Regarding the Colorado AG, Frontier says it was in full compliance with federal rules. It has changed vouchers so they are good for one year rather than 90 days.

Stephanie Martin paid United $8,348 for two business-class seats from Orlando to Johannesburg via Frankfurt, but took a travel certificate for that value when she and her husband decided to cancel the June trip.

All their flights were to be flown by Lufthansa, United's joint-venture partner. She bought them through United.

When Ms. Martin went to use the voucher for a trip to Cairo, she was told it could be used only for flights on United's planes, not its partners.

When she accepted the travel certificate, she had specifically asked United's agent if she could book the same trip she'd had, or other international trips, and was told either was fine. But it turned out no — United doesn't fly its own planes to Johannesburg or Cairo. Flight credits can be used for partners, not travel certificates.
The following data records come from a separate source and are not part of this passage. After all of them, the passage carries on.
(* In Sweedler notation this is [S (a1 c1) a2 c2 S c3 S a3]: contracting
   [c2 S c3] and [a2 S a3] gives [S (a c)], while coassociativity lets
   [a1 c1 (x) a2 c2] be read as [D (a c)], which gives [S c * S a]. *)
Let antipode_sandwich a c := tapp (D a) (fun a1 x => tapp (D x) (fun a2 a3 =>
  tapp (D c) (fun c1 y => tapp (D y) (fun c2 c3 =>
    S (a1 * c1) * (a2 * (c2 * S c3) * S a3))))).

Let antipode_sandwich_l a c : antipode_sandwich a c = S (a * c).
Proof.
have inner Q a2 a3 y : tapp (D y) (fun c2 c3 => Q * (a2 * (c2 * S c3) * S a3))
                        = eps y *: (Q * (a2 * S a3)).
  have hL : klin (fun z => Q * (a2 * z * S a3)).
    exact: klin_comp (klin_comp (klin_amull a2) (klin_amulr (S a3))) (klin_amull Q).
  by rewrite -(tapp_klin _ _ hL) antipode_r (klinZ hL) mulr1.
rewrite /antipode_sandwich; under eq_tapp => a1 x do under eq_tapp => a2 a3 do
  under eq_tapp => c1 y do rewrite inner.
under eq_tapp => a1 x do under eq_tapp => a2 a3 do
  rewrite (tapp_counit_r _ (klin_comp (klin_comp (klin_amull a1) klin_antipode) (klin_amulr _))).
under eq_tapp => a1 x do
  rewrite -(tapp_klin _ _ (klin_amull _)) antipode_r (klinZ (klin_amull _)) mulr1.
by rewrite (tapp_counit_r _ (klin_comp (klin_amulr c) klin_antipode)).
Qed.

Let antipode_sandwich_r a c : antipode_sandwich a c = S c * S a.
Proof.
have reassoc p q r s t : p * (q * (r * s) * t) = p * (q * r) * (s * t).
  by rewrite !mulrA.
rewrite /antipode_sandwich; under eq_tapp => a1 x do under eq_tapp => a2 a3 do
  rewrite -(tapp_coassoc (fun c1 c2 c3 => S (a1 * c1) * (a2 * (c2 * S c3) * S a3)) c).
rewrite -(tapp_coassoc (fun a1 a2 a3 => tapp (D c) (fun y c3 => tapp (D y)
           (fun c1 c2 => S (a1 * c1) * (a2 * (c2 * S c3) * S a3)))) a).
under eq_tapp => x a3 do rewrite exchange_tapp.
under eq_tapp => x a3 do under eq_tapp => y c3 do
  under eq_tapp => a1 a2 do under eq_tapp => c1 c2 do rewrite reassoc.
under eq_tapp => x a3 do under eq_tapp => y c3 do
  under eq_tapp => a1 a2 do rewrite tapp_mull.
under eq_tapp => x a3 do under eq_tapp => y c3 do
  rewrite tapp_mull tapp_antipode_comulM mulr_algl -scalerA.
under eq_tapp => x a3 do
  rewrite tappZ (tapp_counit_l _ (klin_comp klin_antipode (klin_amulr (S a3)))).
by rewrite (tapp_counit_l _ (klin_comp klin_antipode (klin_amull (S c)))).
Qed.

Lemma antipodeM a c : S (a * c) = S c * S a.
Proof. by rewrite -antipode_sandwich_l antipode_sandwich_r. Qed.

Lemma antipode_right_integral t :
  right_integral eps t -> forall x, x * S t = eps x *: S t.
Proof.
move=> ht x; rewrite -(tapp_counit_r _ (klin_amulr (S t))).
have -> : eps x *: S t = (eps x *: 1) * S t by rewrite -scalerAl mul1r.
rewrite -antipode_r -tapp_mull.
by apply: eq_tapp => x1 x2; rewrite -mulrA -antipodeM ht (klinZ klin_antipode) scalerAr.
Qed.

Lemma right_integral_unique e : right_integral eps e -> eps e = 1 ->
  forall t, right_integral eps t -> t = eps t *: e.
Proof.
move=> he e1.
have eq_Se t : right_integral eps t -> t = eps t *: S e.
  move=> ht; rewrite -(antipode_right_integral he) ht counit_antipode e1.
  by rewrite scale1r.
by move=> t ht; rewrite {1}(eq_Se t ht) {2}(eq_Se e he) e1 scale1r.
Qed.

Section Twist.
Variables (V : lmodType K) (G : H -> V) (phi : H -> K).
Hypotheses (klin_G : klin G) (klinK_phi : klinK phi).

Let klin_phi_S z (v : V) : klin (fun w => phi (z * S w) *: v).
Proof. exact: klinK_scale v (klinK_comp (klin_comp klin_antipode (klin_amull z)) klinK_phi). Qed.

Lemma tapp_antipode_twist_l z h :
  tapp (D h) (fun h1 u => tapp (D u) (fun h2 h3 => phi (z * S h2 * S (S h1)) *: G h3))
  = phi z *: G h.
Proof.
rewrite -(tapp_coassoc (fun h1 h2 h3 => phi (z * S h2 * S (S h1)) *: G h3)).
under eq_tapp => u h3.
  under eq_tapp => h1 h2 do rewrite -mulrA -antipodeM.
  rewrite -(tapp_klin _ _ (klin_phi_S z (G h3))) antipode_l.
  rewrite (klinZ (klin_phi_S z (G h3))) antipode1 mulr1.
  over.
by rewrite (tapp_counit_l _ (klin_scaler _ klin_G)).
Qed.

Lemma tapp_antipode_twist_r z h :
  tapp (D h) (fun h1 u => tapp (D u) (fun h2 h3 => phi (z * S (h1 * S h2)) *: G h3))
  = phi z *: G h.
Proof.
rewrite -(tapp_coassoc (fun h1 h2 h3 => phi (z * S (h1 * S h2)) *: G h3)).
under eq_tapp => u h3.
  rewrite -(tapp_klin _ _ (klin_phi_S z (G h3))) antipode_r.
  rewrite (klinZ (klin_phi_S z (G h3))) antipode1 mulr1.
  over.
by rewrite (tapp_counit_l _ (klin_scaler _ klin_G)).
Qed.

End Twist.

(* [sum_i b^i (y S^2 (b_i1)) b_i2] in Sweedler notation, [b^i] the dual
   basis: the map onto right integrals from the proof of the fundamental
   theorem of Hopf modules. *)
Definition integral_proj y :=
  \sum_(i < n) tapp (D (b i)) (fun a c => hcoord i (y * S (S a)) *: c).

Let klinK_hcoord_mulr i z : klinK (fun w : H => hcoord i (w * z)).
Proof. exact: klinK_comp (klin_amulr z) (klinK_hcoord i). Qed.

Lemma integral_proj_reconstruct x :
  \sum_(j < n) tapp (D (integral_proj (b j))) (fun c d => hcoord j (x * S c) *: d) = x.
Proof.
transitivity (\sum_(i < n) tapp (D (b i)) (fun a u =>
    tapp (D u) (fun c d => hcoord i (x * S c * S (S a)) *: d))); last first.
  rewrite [RHS]hexpand; apply: eq_bigr => i _.
  exact: tapp_antipode_twist_l (@klin_id _ H) (klinK_hcoord i) x (b i).
under eq_bigr => j _.
  rewrite /integral_proj (klin_sum (klin_tapp_comul _)).
  under eq_bigr => i _.
    rewrite (tapp_klin _ _ (klin_tapp_comul _)).
    under eq_tapp => a c do rewrite (klinZ (klin_tapp_comul _)).
    over.
  over.
rewrite exchange_big /=; apply: eq_bigr => i _.
rewrite -tapp_sum; apply: eq_tapp => a u.
under eq_bigr do rewrite -tappZ.
rewrite -tapp_sum; apply: eq_tapp => c d.
rewrite (klinK_hexpand (klinK_hcoord_mulr i (S (S a))) (x * S c)) scaler_suml.
by apply: eq_bigr => j _; rewrite scalerA mulrC.
Qed.

(* Expanding [D (b i * h2)] and using coassociativity turns this sum into
   [integral_proj y * h]; expanding [y S^2 a S h1] in the basis turns it into
   [eps h *: integral_proj y]. *)
Let integral_proj_shift y h := tapp (D h) (fun h1 h2 =>
  \sum_(i < n) tapp (D (b i * h2)) (fun a c => hcoord i (y * S (S a) * S h1) *: c)).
Ms. Martin thinks airlines are doing all they can to hang on to customer cash.

"They were making money on my money," she says.

Ms. Martin called United four times and four times filled out the airline's customer-service form. Each time United rejected her request for a refund or a change to a flight credit.

She wrote to the Florida attorney general, the Transportation Department and United CEO Scott Kirby. She complained on social media.

A desperation call to the Federal Aviation Administration brought a suggestion to go to the airport and plead, since airport agents sometimes have more latitude to resolve disputes.

After three hours, a helpful supervisor contacted a friend inside United who, three weeks later, got Ms. Martin a refund.

"Having different types of travel vouchers does complicate it," she says.

United says it isn't sure how Ms. Martin received a travel certificate instead of a flight credit, which would have allowed her to book on partner airlines as she originally had done.